As an example of the dramatic weigh~ reductions possible through implementation of the concepts of this invention, a completed commercial embodiment of a power supply and amplifier rated at 400 watts weighs only 4 kg. In contrast, the lightest prior art commercial amplifier of comparlable power rating weighs approximately 16 kg.

Claims (40)

1. An apparatus for amplifying an audio signal having a time varying characteristic, said apparatus comprising:
a) audio amplifier means for amplifying the time varying characteristic of the audio signal to produce an output signal corresponding to the audio signal, said amplifier means including a signal receiving means for receiving the audio signal and a power input means for receiving electrical energy for producing the output signal;
b) power means for supplying power to said amplifier means, said power means including a transformer having a primary winding and a second winding with a secondary to primary turn ratio of below 1.0, said primary winding having inductance above 30 microhenries and a coil wire gauge diameter above no. 18, said secondary winding being operatively connected to said power input means of said amplifier means, said primary winding being adapted to be connected to a power source;
c) power control means to cause variable electrical energy to be transmitted to the primary winding to the transformer in response to a control signal to induce corresponding variable electrical energy in said secondary winding; and d) control signal generating means responsive to the time varying characteristic of the audio signal to generate the control signal for said power control means to control a characteristic of the energy transmitted to said primary winding in correspondence with the time varying characteristic of the audio signal to cause said energy control means to transmit to said amplifier power of a magnitude which varies over time in a manner related to the time varying characteristics of the audio signal.

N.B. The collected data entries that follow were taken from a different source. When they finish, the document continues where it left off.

(* For a real m x n matrix L, sigma_i(L) <= Lam_i says that the i-th largest
   eigenvalue of the Gram matrix L L^T is at most Lam_i^2.  Whether the sorted
   spectrum of an m x m matrix A lies below a bound vector b is a first-order
   formula in the entries of A and b whose shape depends on m only: every
   sorted list nu with det (x - A) = prod_i (x - nu_i) satisfies nu_i <= b_i.
   Quantifier elimination over real closed fields turns it into a finite
   disjunction of conjunctions of sign conditions on polynomials in these
   entries.  Substituting the entries of D_x p (D_x p)^T, polynomials of degree
   at most 2d in x, and the constants Lam_i^2 yields a representation of
   C^Lam(p) whose size and degrees depend on d and m only.

   Closedness: near a point x, C^Lam(p) is the projection of the compact set of
   pairs (y, nu) with |y - x| <= 1, nu the sorted spectrum of the Gram matrix
   at y and nu_i <= Lam_i^2; the spectrum lies in [0, sum_i Lam_i^2] because
   Gram matrices are positive semidefinite. *)

(** * Characteristic polynomials and sorted spectra *)

Lemma eq_poly_horner (R : numDomainType) (p q : {poly R}) :
  (forall x, p.[x] = q.[x]) -> p = q.
Proof.
move=> eq_pq; apply/eqP; rewrite -subr_eq0; apply/negPn/negP => nz_pq.
suff : (size (p - q)%R < size (p - q)%R)%N by rewrite ltnn.
rewrite -[X in (X < _)%N](size_iota 0) -(size_map (fun i => i%:R : R)).
apply: max_poly_roots nz_pq _ _.
  by apply/allP => _ /mapP[i _ ->]; rewrite /root !hornerE eq_pq subrr.
by rewrite map_inj_uniq ?iota_uniq //; apply: mulrIn; rewrite oner_neq0.
Qed.

Lemma horner_char_poly (R : comNzRingType) m (A : 'M[R]_m) x :
  (char_poly A).[x] = \det (x%:M - A).
Proof.
rewrite /char_poly -[_.[x]]/(horner_eval x _) -det_map_mx; congr (\det _).
apply/matrixP => i j; rewrite !mxE /horner_eval.
by rewrite rmorphB rmorphMn /= horner_evalE hornerX horner_evalE hornerC.
Qed.

Lemma char_poly_prod_XsubC (R : numDomainType) m (A : 'M[R]_m) (s : seq R) :
  char_poly A = \prod_(a <- s) ('X - a%:P) <->
  forall x, \det (x%:M - A) = \prod_(a <- s) (x - a).
Proof.
split => [cpA x | eq_det].
  rewrite -horner_char_poly cpA horner_prod.
  by apply: eq_bigr => a _; rewrite hornerXsubC.
apply: eq_poly_horner => x; rewrite horner_char_poly eq_det horner_prod.
by apply: eq_bigr => a _; rewrite hornerXsubC.
Qed.

Lemma char_poly_similar (R : comUnitRingType) k (P D : 'M[R]_k) :
  P \in unitmx -> char_poly (invmx P *m D *m P) = char_poly D.
Proof.
move=> uP; rewrite /char_poly /char_poly_mx.
set Pp := map_mx polyC P; set Pi := map_mx polyC (invmx P).
have PiPp : Pi *m Pp = 1%:M by rewrite -map_mxM mulVmx // map_mx1.
have -> : 'X%:M - map_mx polyC (invmx P *m D *m P) =
          Pi *m ('X%:M - map_mx polyC D) *m Pp.
  rewrite !map_mxM -/Pp -/Pi mulmxBr mulmxBl mul_mx_scalar -scalemxAl PiPp.
  by rewrite scalemx1.
by rewrite !det_mulmx mulrAC -det_mulmx PiPp det1 mul1r.
Qed.

Lemma nth_map_ord_enum (T : Type) (x0 : T) k (f : 'I_k -> T) (i : 'I_k) :
  nth x0 [seq f j | j <- enum 'I_k] i = f i.
Proof. by rewrite (nth_map i) ?size_enum_ord // nth_ord_enum. Qed.

Lemma sorted_ge_map_enum (R : numDomainType) k (f : 'I_k -> R) :
  sorted (fun a b => b <= a) [seq f i | i <- enum 'I_k] <->
  forall i j : 'I_k, (i <= j)%N -> f j <= f i.
Proof.
split => [srt i j le_ij | anti].
  have ge_tr : transitive (fun a b : R => b <= a) by move=> a b c /[swap]; apply: le_trans.
  have := sorted_leq_nth ge_tr (@lexx _ R) 0 srt; rewrite size_map size_enum_ord.
  by move=> /(_ i j (ltn_ord i) (ltn_ord j) le_ij); rewrite !nth_map_ord_enum.
apply/(sortedP 0) => i; rewrite size_map size_enum_ord => lt_i1k.
have lt_ik := ltnW lt_i1k.
move: (nth_map_ord_enum 0 f (Ordinal lt_ik)) (nth_map_ord_enum 0 f (Ordinal lt_i1k)).
by move=> /= -> ->; apply: anti.
Qed.

Section Eigenvalues.
Variable R : realType.

Definition spectrum_le k (A : 'M[R]_k) (b : 'I_k -> R) : Prop :=
  forall s, eigvals_desc A s -> forall i : 'I_k, nth 0 s i <= b i.

Lemma eigvals_desc_size k (A : 'M[R]_k) s : eigvals_desc A s -> size s = k.
Proof. by case=> _ cpA; have := size_char_poly A; rewrite cpA size_prod_XsubC => -[]. Qed.

Lemma eigvals_desc_uniq k (A : 'M[R]_k) s1 s2 :
  eigvals_desc A s1 -> eigvals_desc A s2 -> s1 = s2.
Proof.
move=> [srt1 cp1] [srt2 cp2]; apply: sorted_eq srt1 srt2 _.
- by move=> a b c /[swap]; apply: le_trans.
- by move=> a b /andP[ba ab]; apply/le_anti; rewrite ab ba.
- by apply: prod_XsubC_eq; rewrite -cp1 -cp2.
Qed.

Lemma spectrum_leE k (A : 'M[R]_k) b : (exists s, eigvals_desc A s) ->
  spectrum_le A b <-> forall i : 'I_k, nth 0 (eigvals A) i <= b i.
Proof.
move=> exA; have dA : eigvals_desc A (eigvals A) by apply: xgetPex.
by split => [leAb | leAb s dAs]; [apply: leAb | rewrite (eigvals_desc_uniq dAs dA)].
Qed.

Lemma eigvals_desc_enumP k (A : 'M[R]_k) (w : 'I_k -> R) :
  eigvals_desc A [seq w i | i <- enum 'I_k] <->
  (forall x, \det (x%:M - A) = \prod_i (x - w i)) /\
  (forall i j : 'I_k, (i <= j)%N -> w j <= w i).
Proof.
have prodE x : \prod_(a <- [seq w i | i <- enum 'I_k]) (x - a) = \prod_i (x - w i).
  by rewrite big_map big_enum.
split => [[/sorted_ge_map_enum srt /char_poly_prod_XsubC cpA] |[cpA srt]].
  by split => // x; rewrite cpA prodE.
by split; [apply/sorted_ge_map_enum | apply/char_poly_prod_XsubC => x; rewrite prodE].
Qed.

2. An apparatus for amplifying an audio signal having an amplitude which varies at an audio frequency, said apparatus comprising:

a) audio amplifier means for amplifying the audio frequency amplitude variations of the audio signal to produce an output signal corresponding to the audio signal, said amplifier means including an audio signal receiving means for receiving the audio signal and a power receiving means for receiving electrical energy for producing the output signal;
b) power supply means for supplying power to said amplifier means, said power supply means including a source of commercially available, sinusoidally varying supply voltage having a constant frequency within the audio range, a transformer having a primary winding and a secondary winding, said secondary winding being operatively connected to said power receiving means of said amplifier means, said primary winding being adapted to be connected to said source;
c) power control means to cause variable amounts of electrical energy to be transmitted to the primary winding of the transformer to induce corresponding variable electrical energy in said secondary winding, said power control means including switch means connected between said source and said primary winding for operating in a conductive state in response to a control signal for a selected portion of each cycle of said sinusoidally varying supply voltage to cause said selected portion of said sinusoidally varying supply voltage to be applied across said primary winding only when said switch means is in said conductive state; and d) control signal generating means responsive to the time varying amplitude of the audio signal to generate said control signal for said power control means to control the period of conduction of said switch means during each cycle of said sinusoidally varying supply voltage in correspondence with the time varying amplitude of the audio signal to minimize the time portion of each cycle of sinusoidally varying supply voltage during which idling currents pass through said primary winding.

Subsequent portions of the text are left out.